The European Commission (EC) says that it will decide in September on the final shape of the bid, and how it will be financed. But there are problems. Eutelsat’s CEO Eve Berneke, speaking to analysts during her August 9th financial report, admitted that there were various options under consideration with the primary objective being to trim costs. The various operational members of what’s left of the consortium (SES, Eutelsat and Hispasat) have some valuable options already in their orbital inventory.

SES, as well as a world-circling fleet of geostationary satellites (and in the process of buying Intelsat to add to the fleet), also owns a mini-constellation of mid-Earth orbiters called mPOWER. The problem for SES is that (1) it still has to cough up $3.1 billion to buy Intelsat and (2) still has to pay Boeing for the remaining unlaunched mPOWER satellites.

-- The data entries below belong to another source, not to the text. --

(* For the hop-constrained minimum spanning tree problem (HMSTP), i.e. the HSTP with $R=V$, the partial-ordering model (P-HSTP) is strictly stronger than the assignment model (A-HSTP): for every HMSTP instance $\nu_{\text{P-HSTP}}\ge\nu_{\text{A-HSTP}}$, and there exist HMSTP instances for which this inequality is strict.
   Context: HMSTP instance: a complete undirected graph $G=(V,E)$ with edge costs $c:E\to\mathbb{R}_{>0}$, a root $r\in V$, a hop limit $H\ge1$, and terminal set $R=V$. For every ordered pair $(u,v)$ of distinct nodes there is a variable $x_{u,v}$. Common $x$-constraints: (X1) $\sum_{u\neq v}x_{u,v}\le1$ for all $v\in V$; (X2) $\sum_{u\in V\setminus\{v,w\}}x_{u,v}\ge x_{v,w}$ for all $v\in V\setminus\{r\}$, $w\neq v$; (X3) $0\le x_{u,v}\le1$; (X4) $\sum_{u\neq v}x_{u,v}\ge1$ for all $v\in R\setminus\{r\}$. $\mathcal{P}^{HSTP}$: all $(x,l,g)$ (with $l_{v,i},g_{i,v}$ for $v\in V$, $i=0,\dots,H$) satisfying (X1)–(X4) and $l_{r,0}=g_{0,r}=0$; $l_{v,1}=g_{H,v}=0$ for $v\neq r$; $l_{v,i}\le l_{v,i+1}$ and $g_{i,v}+l_{v,i+1}=1$ for $v\in V$, $i=0,\dots,H-1$; $l_{u,i}+g_{i,v}\ge x_{u,v}$ for $u\neq v$, $i=0,\dots,H$; $0\le l,g\le1$. $\mathcal{A}^{HSTP}$: all $(x,y)$ (with $y_{v,i}$ for $v\in V$, $i=0,\dots,H$) satisfying (X1)–(X4) and $y_{r,0}=1$; $y_{r,i}=0$ for $i\ge1$; $y_{v,0}=0$ and $\sum_{i=1}^Hy_{v,i}=1$ for $v\neq r$; $y_{u,i}-y_{v,i+1}+x_{u,v}\le1$ for $u\neq v$, $i=0,\dots,H-1$; $y_{u,H}+x_{u,v}\le1$ for $u\neq v$; $0\le y\le1$. (A-HSTP) and (P-HSTP) minimize $\sum_{uv\in E}c_{uv}(x_{u,v}+x_{v,u})$ over the integral points of $\mathcal{A}^{HSTP}$ and $\mathcal{P}^{HSTP}$ respectively. $\nu_M$ is the optimal value of the LP relaxation of ILP $M$. For a minimization problem, model $A$ is strictly stronger than $B$ if $\nu_A\ge\nu_B$ on all instances and strict inequality holds for some instance. *)

From HB Require Import structures.
From mathcomp Require Import all_boot all_order all_algebra.
From mathcomp Require Import boolp classical_sets reals.
Set Implicit Arguments. Unset Strict Implicit. Unset Printing Implicit Defensive.
Import Order.TTheory GRing.Theory Num.Theory.
Local Open Scope ring_scope.
Local Open Scope classical_set_scope.

(* An HMSTP instance: V = 'I_n (complete graph), root r, hop limit H >= 1,
   edge costs c u v for the edge {u,v}, read for u < v (values c u v with
   u >= v are irrelevant), required positive. Terminal set R = V. *)
Definition valid_costs (R : realType) (n : nat) (c : 'I_n -> 'I_n -> R) :=
  forall u v : 'I_n, (u < v)%N -> 0 < c u v.

Definition cost (R : realType) (n : nat) (c : 'I_n -> 'I_n -> R)
  (x : 'I_n -> 'I_n -> R) : R :=
  \sum_(u : 'I_n) \sum_(v : 'I_n | (u < v)%N) c u v * (x u v + x v u).

Definition X_constraints (R : realType) (n : nat) (r : 'I_n)
  (x : 'I_n -> 'I_n -> R) : Prop :=
  [/\ (forall v : 'I_n, \sum_(u : 'I_n | u != v) x u v <= 1),
      (forall v w : 'I_n, v != r -> w != v ->
          x v w <= \sum_(u : 'I_n | (u != v) && (u != w)) x u v),
      (forall u v : 'I_n, u != v -> 0 <= x u v /\ x u v <= 1) &
      (forall v : 'I_n, v != r -> 1 <= \sum_(u : 'I_n | u != v) x u v)].

(* P^HSTP; l v i stands for l_{v,i} and g v i for g_{i,v}, i = 0..H *)
Definition in_P (R : realType) (n : nat) (r : 'I_n) (H : nat)
  (x : 'I_n -> 'I_n -> R) (l g : 'I_n -> nat -> R) : Prop :=
  X_constraints r x /\
  [/\ (l r 0%N = 0 /\ g r 0%N = 0),
      (forall v : 'I_n, v != r -> l v 1%N = 0 /\ g v H = 0),
      (forall (v : 'I_n) (i : nat), (i < H)%N ->
          l v i <= l v (i.+1)%N /\ g v i + l v (i.+1)%N = 1),
      (forall (u v : 'I_n) (i : nat), u != v -> (i <= H)%N ->
          x u v <= l u i + g v i) &
      (forall (v : 'I_n) (i : nat), (i <= H)%N ->
          [/\ 0 <= l v i, l v i <= 1, 0 <= g v i & g v i <= 1])].

Definition in_A (R : realType) (n : nat) (r : 'I_n) (H : nat)
  (x : 'I_n -> 'I_n -> R) (y : 'I_n -> nat -> R) : Prop :=
  [/\ X_constraints r x,
      (y r 0%N = 1 /\ (forall i : nat, (1 <= i <= H)%N -> y r i = 0)),
      (forall v : 'I_n, v != r ->
          y v 0%N = 0 /\ \sum_(1 <= i < H.+1) y v i = 1),
      ((forall (u v : 'I_n) (i : nat), u != v -> (i < H)%N ->
          y u i - y v (i.+1)%N + x u v <= 1) /\
       (forall u v : 'I_n, u != v -> y u H + x u v <= 1)) &
      (forall (v : 'I_n) (i : nat), (i <= H)%N -> 0 <= y v i /\ y v i <= 1)].

(* optimal values of the LP relaxations (infimum of the objective over the
   polytope; the polytope is nonempty and compact, so this is the optimum) *)
Definition nu_P (R : realType) (n : nat) (r : 'I_n) (H : nat)
  (c : 'I_n -> 'I_n -> R) : R :=
  inf [set z : R | exists x l g, in_P r H x l g /\ z = cost c x].

Definition nu_A (R : realType) (n : nat) (r : 'I_n) (H : nat)
  (c : 'I_n -> 'I_n -> R) : R :=
  inf [set z : R | exists x y, in_A r H x y /\ z = cost c x].

From HB Require Import structures.
From mathcomp Require Import all_boot all_order all_algebra.
From mathcomp Require Import boolp classical_sets reals.
From mathcomp Require Import ring lra.
Set Implicit Arguments. Unset Strict Implicit. Unset Printing Implicit Defensive.
Import Order.TTheory GRing.Theory Num.Theory.
Local Open Scope ring_scope.

(* Reading l_{v,i} as the probability that v lies at depth < i, the number
   1 - l_{v,j} caps the mass v may put at depth j.  From a point (x, l, g) of
   the partial-ordering polytope we build depth distributions y_v level by
   level: at level t+1, v receives the least mass allowed by the assignment
   arc constraints from level t, raised if necessary so that the mass still
   missing fits into the caps of the remaining levels.  The arc-forced masses
   of v add up to at most its in-degree sum_u x_{u,v} <= 1 (potential:
   sum_u (x_{u,v} - mass of u above level t)^+), so v never receives more than
   1 in total, and the raising rule makes its total exactly 1 at level H.
   Hence every partial-ordering point projects to an assignment point, and
   nu_A <= nu_P.
   For strictness, on a 4-node instance with H = 2 the assignment relaxation
   has a fractional point of cost 14/3, while the partial-ordering constraints
   force cost at least 5. *)

Section PositivePart.
Variable R : realDomainType.

Definition pos_part (a : R) : R := Num.max a 0.

Lemma pos_part_ge0 a : 0 <= pos_part a.
Proof. by rewrite /pos_part le_max lexx orbT. Qed.

Lemma pos_part_ge a : a <= pos_part a.
Proof. by rewrite /pos_part le_max lexx. Qed.

Lemma pos_part_id a : 0 <= a -> pos_part a = a.
Proof. by move=> a0; rewrite /pos_part max_l. Qed.

Lemma pos_part_split (a b z : R) : 0 <= b -> a + b <= 1 -> z <= 1 ->
  pos_part (b - 1 + z) + pos_part (z - (a + b)) <= pos_part (z - a).
Proof.
move=> b0 ab z1; rewrite /pos_part.
by case: (leP (b - 1 + z) 0) => ?; case: (leP (z - (a + b)) 0) => ?;
  case: (leP (z - a) 0) => ?; lra.
Qed.

Lemma max_raise_le (s a g g' b c : R) : s <= Num.max a g -> g + c = g' -> b <= c ->
  s + Num.max b (g' - s) <= Num.max (a + b) g'.
Proof.
move=> hs hg hb; case: (leP a g) hs => ? hs.
  by case: (leP b (g' - s)) => ?; case: (leP (a + b) g') => ?; lra.
by case: (leP b (g' - s)) => ?; case: (leP (a + b) g') => ?; lra.
Qed.

End PositivePart.

Section GreedyDepths.
Variables (R : realType) (n : nat) (r : 'I_n) (H : nat).
Variables (x : 'I_n -> 'I_n -> R) (l : 'I_n -> nat -> R).

Definition depth_cap (v : 'I_n) (j : nat) : R := 1 - l v j.

(* The least total mass v must have received by level t for the remaining
   mass to fit under the caps of levels t+1, ..., H. *)
Definition mass_due (v : 'I_n) (t : nat) : R :=
  1 - \sum_(t.+1 <= j < H.+1) depth_cap v j.

Definition arc_bound (yt : 'I_n -> R) (v : 'I_n) : R :=
  \big[Num.max/0]_(u | u != v) (yt u - 1 + x u v).

(* The state at level t is the pair (y_{.,t}, sum_{1 <= j <= t} y_{.,j}). *)
Fixpoint greedy_state (t : nat) : ('I_n -> R) * ('I_n -> R) :=
  match t with
  | 0 => (fun v => if v == r then 1 else 0, fun _ => 0)
  | t'.+1 =>
    let yt := fun v => if v == r then 0 else
      Num.max (arc_bound (greedy_state t').1 v)
              (mass_due v t'.+1 - (greedy_state t').2 v) in
    (yt, fun v => (greedy_state t').2 v + yt v)
  end.

Definition greedy_y (v : 'I_n) (t : nat) : R := (greedy_state t).1 v.
Definition mass_upto (v : 'I_n) (t : nat) : R := (greedy_state t).2 v.
Definition arc_forced (v : 'I_n) (t : nat) : R := arc_bound (greedy_y^~ t) v.
Definition forced_upto (v : 'I_n) (t : nat) : R := \sum_(0 <= j < t) arc_forced v j.
Definition mass_before (u : 'I_n) (t : nat) : R := \sum_(0 <= j < t) greedy_y u j.

Lemma greedy_y0 v : greedy_y v 0 = if v == r then 1 else 0.
Proof. by []. Qed.

Lemma greedy_yS v t : greedy_y v t.+1 =
  if v == r then 0 else Num.max (arc_forced v t) (mass_due v t.+1 - mass_upto v t).
Proof. by []. Qed.

Lemma mass_uptoS v t : mass_upto v t.+1 = mass_upto v t + greedy_y v t.+1.
Proof. by []. Qed.

Lemma mass_upto_sum v t : mass_upto v t = \sum_(1 <= j < t.+1) greedy_y v j.
Proof.
elim: t => [|t IH]; first by rewrite big_geq.
by rewrite mass_uptoS IH [in RHS]big_nat_recr.
Qed.

Lemma greedy_y_root t : (0 < t)%N -> greedy_y r t = 0.
Proof. by case: t => // t _; rewrite greedy_yS eqxx. Qed.

Lemma greedy_y_ge0 v t : 0 <= greedy_y v t.
Proof.
case: t => [|t]; first by rewrite greedy_y0; case: (v == r).
rewrite greedy_yS; case: (v == r) => //.
by rewrite le_max bigmax_ge_id.
Qed.

Lemma mass_before_root t : mass_before r t.+1 = 1.
Proof.
elim: t => [|t IH]; first by rewrite /mass_before big_nat1 greedy_y0 eqxx.
by rewrite /mass_before big_nat_recr //= -/(mass_before r t.+1) IH greedy_y_root ?addr0.
Qed.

Eutelsat is extremely cash-strapped. It ‘merged’ itself with low Earth orbiting fleet OneWeb back in September 2023. It has to finance OneWeb operationally including investing in dozens of ‘Gateway’ access points around the planet in order to make OneWeb work. Indeed, it is raising around €790 million by selling off all of its wholly-owned teleports and forming a new business where it will only own 20 per cent of the business.

Eutelsat has suspended dividend payments to shareholders while it accumulates cash in order to buy a second generation fleet of OneWeb satellites. However, its own global geostationary satellites plus the 600-craft OneWeb fleet are powerful assets. Nevertheless, Eutelsat is in need of cash. It is very highly geared as far as its borrowing and debt are concerned, hence the desire to sell off its teleports.

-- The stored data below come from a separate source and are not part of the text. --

(* Let $a,b\in\mathbb{R}^2\cong\mathbb{C}$ with $\|b-a\|=\sin 1$, put $\alpha_0=b-a$, $c_0=\sin^2 1$, and let $(c_k)_{k\ge0}$ be defined by $\arcsin\sqrt{(c_k-c_{k-1})/c_k}=2^{-k}$ for $k\ge1$ (equivalently $c_k=c_{k-1}/\cos^2(2^{-k})$), so that $(c_k)$ is increasing, $c_k\to1$ and $\sum_k\sqrt{c_k-c_{k-1}}<\infty$. Let $f(t,\omega)=a+\int_0^t\alpha(s,\omega)\,ds$ where $\alpha(t,\omega)=\lim_n\alpha_n(t,\omega)$. Then for each $t\in[0,1]\setminus D$, $\dot f(t,\omega)$ exists for all $\omega$ and the random variable $\omega\mapsto\dot f(t,\omega)$ is uniformly distributed on the arc $C_0=\{z_0e^{i\theta}:-1\le\theta\le1\}$ of the unit circle, where $z_0=(b-a)/\|b-a\|$; that is, for every subarc $C\subseteq C_0$, $P\{\omega:\dot f(t,\omega)\in C\}=\lambda(C)/2$, where $\lambda$ is arc-length (Lebesgue) measure on the unit circle.
   Context: $D$ denotes the set of dyadic rationals in $[0,1]$. For $k\ge1$ the Rademacher function $r_k:[0,1]\to\{-1,1\}$ is $r_k(t)=(-1)^{\lfloor 2^k t\rfloor}$ for $t<1$ and $r_k(1)=-1$. For $k\ge1$ and $j\in\{1,\dots,2^{k-1}\}$ let $I_{kj}=\left[\frac{j-1}{2^{k-1}},\frac{j}{2^{k-1}}\right)$ if $j<2^{k-1}$ and $I_{k,2^{k-1}}=\left[\frac{2^{k-1}-1}{2^{k-1}},1\right]$; $1_{I_{kj}}$ is its indicator. Let $(\Omega,\mathcal F,P)$ be the product probability space $\Omega=\prod_{k\ge1}\prod_{j=1}^{2^{k-1}}\{-1,1\}$, each factor uniform, with coordinate maps $d_{kj}:\Omega\to\{-1,1\}$. With $\theta_k=\arcsin\sqrt{(c_k-c_{k-1})/c_k}$, put $\Theta_n(t,\omega)=\sum_{k=1}^{n}\sum_{j=1}^{2^{k-1}}r_k(t)1_{I_{kj}}(t)d_{kj}(\omega)\theta_k$ and $\alpha_n(t,\omega)=\sqrt{c_n/c_0}\,\alpha_0\exp(i\Theta_n(t,\omega))$. *)

From Stdlib Require Import Reals Lra Lia ZArith List.
Open Scope R_scope.

Definition cplx := (R * R)%type.
Definition cadd (z w : cplx) : cplx := (fst z + fst w, snd z + snd w).
Definition csub (z w : cplx) : cplx := (fst z - fst w, snd z - snd w).
Definition cmul (z w : cplx) : cplx :=
  (fst z * fst w - snd z * snd w, fst z * snd w + snd z * fst w).
Definition cscale (r : R) (z : cplx) : cplx := (r * fst z, r * snd z).
Definition cnorm (z : cplx) : R := sqrt (fst z ^ 2 + snd z ^ 2).
Definition cexpi (th : R) : cplx := (cos th, sin th).

Fixpoint rsum1 (n : nat) (f : nat -> R) : R :=
  match n with O => 0 | S m => rsum1 m f + f (S m) end.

Hispasat, while a more modest operation, has its fleet of satellites with a powerful presence in the Latino markets as well as covering Europe. However, with these available assets it is quite reasonable for the consortium members to ask the EC ‘why do we need an all-new IRIS2 scheme?’

That was, by implication, the question raised by Berneke in her comments to analysts. Industry gossip is that the original SpaceRISE budget was pitched at around €12 billion. While not being unaffordable, it was a much larger amount than initially envisioned. The European Space Agency is prepared to pitch in with cash and the French government is said to be favourably inclined to help out. But Germany is not in favour.

But there is one German-based operation that would love to see it satellites – also low Earth orbiting – and with highly secure laser communications in the shape of Rivada Space Networks. They have the first batch of 300 satellites under construction now, and they’d start to launch in this coming winter and be in service during 2026.

Eutelsat’s Berneke told analysts that there remained one possibility that IRIS2 could become a hosted-payload scheme to place secure communications technology on the partner’s existing assets. That would include OneWeb’s ‘second generation’ craft as well as SES’s expanding O3b mPOWER fleet.

Berneke said: “There has been speculation about whether a hosted payload could be an alternative. Right now, we are still working on the original tender offering and structure with the Commission. But there are lots of alternatives. What’s important is that we get to a point where we have European sovereign capacity. To me that is the most important objective of the IRIS2 discussions.”